[Dataset entries]
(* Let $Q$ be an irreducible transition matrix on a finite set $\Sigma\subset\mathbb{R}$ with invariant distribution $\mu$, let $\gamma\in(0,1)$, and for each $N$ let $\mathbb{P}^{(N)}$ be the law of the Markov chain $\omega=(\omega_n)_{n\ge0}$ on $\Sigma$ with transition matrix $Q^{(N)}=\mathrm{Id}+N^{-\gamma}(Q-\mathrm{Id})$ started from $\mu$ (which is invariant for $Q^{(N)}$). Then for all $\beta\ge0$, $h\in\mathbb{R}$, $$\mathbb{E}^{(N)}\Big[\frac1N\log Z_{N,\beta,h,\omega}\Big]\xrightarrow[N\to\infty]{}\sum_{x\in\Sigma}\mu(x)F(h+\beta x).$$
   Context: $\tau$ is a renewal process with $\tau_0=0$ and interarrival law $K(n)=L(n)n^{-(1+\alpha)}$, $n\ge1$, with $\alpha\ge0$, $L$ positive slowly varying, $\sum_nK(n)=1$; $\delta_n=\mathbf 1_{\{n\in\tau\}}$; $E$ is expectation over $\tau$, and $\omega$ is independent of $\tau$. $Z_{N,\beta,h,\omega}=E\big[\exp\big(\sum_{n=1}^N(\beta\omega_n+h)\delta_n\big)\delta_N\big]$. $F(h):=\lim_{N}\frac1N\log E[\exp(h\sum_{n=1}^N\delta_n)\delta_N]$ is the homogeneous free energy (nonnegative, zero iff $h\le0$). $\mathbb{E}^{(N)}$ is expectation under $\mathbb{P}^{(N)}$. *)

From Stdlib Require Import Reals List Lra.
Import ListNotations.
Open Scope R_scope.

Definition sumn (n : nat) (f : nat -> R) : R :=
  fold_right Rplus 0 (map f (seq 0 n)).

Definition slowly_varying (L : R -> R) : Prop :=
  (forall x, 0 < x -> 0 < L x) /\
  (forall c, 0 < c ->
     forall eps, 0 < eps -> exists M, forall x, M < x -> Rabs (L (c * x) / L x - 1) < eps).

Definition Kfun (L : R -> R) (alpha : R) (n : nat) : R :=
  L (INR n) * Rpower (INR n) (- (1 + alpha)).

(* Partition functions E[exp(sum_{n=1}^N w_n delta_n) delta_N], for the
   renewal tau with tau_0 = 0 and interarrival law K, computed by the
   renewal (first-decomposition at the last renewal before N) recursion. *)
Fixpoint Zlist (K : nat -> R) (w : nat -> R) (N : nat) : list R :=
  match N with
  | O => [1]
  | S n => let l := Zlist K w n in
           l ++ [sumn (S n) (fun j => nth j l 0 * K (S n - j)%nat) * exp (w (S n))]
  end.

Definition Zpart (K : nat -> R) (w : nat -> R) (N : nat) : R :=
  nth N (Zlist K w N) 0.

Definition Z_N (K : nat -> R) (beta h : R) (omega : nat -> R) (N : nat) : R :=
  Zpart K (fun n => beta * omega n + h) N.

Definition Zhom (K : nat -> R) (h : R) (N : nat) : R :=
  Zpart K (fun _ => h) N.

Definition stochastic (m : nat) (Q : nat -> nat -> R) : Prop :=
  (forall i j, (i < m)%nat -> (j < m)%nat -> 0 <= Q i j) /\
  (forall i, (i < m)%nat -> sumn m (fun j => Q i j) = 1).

**Exercise requirements**. Pick out and copy the lines of the entries that hold the string "interarrival".

**Reply to the exercise**.
   Context: $\tau$ is a renewal process with $\tau_0=0$ and interarrival law $K(n)=L(n)n^{-(1+\alpha)}$, $n\ge1$, with $\alpha\ge0$, $L$ positive slowly varying, $\sum_nK(n)=1$; $\delta_n=\mathbf 1_{\{n\in\tau\}}$; $E$ is expectation over $\tau$, and $\omega$ is independent of $\tau$. $Z_{N,\beta,h,\omega}=E\big[\exp\big(\sum_{n=1}^N(\beta\omega_n+h)\delta_n\big)\delta_N\big]$. $F(h):=\lim_{N}\frac1N\log E[\exp(h\sum_{n=1}^N\delta_n)\delta_N]$ is the homogeneous free energy (nonnegative, zero iff $h\le0$). $\mathbb{E}^{(N)}$ is expectation under $\mathbb{P}^{(N)}$. *)
   renewal tau with tau_0 = 0 and interarrival law K, computed by the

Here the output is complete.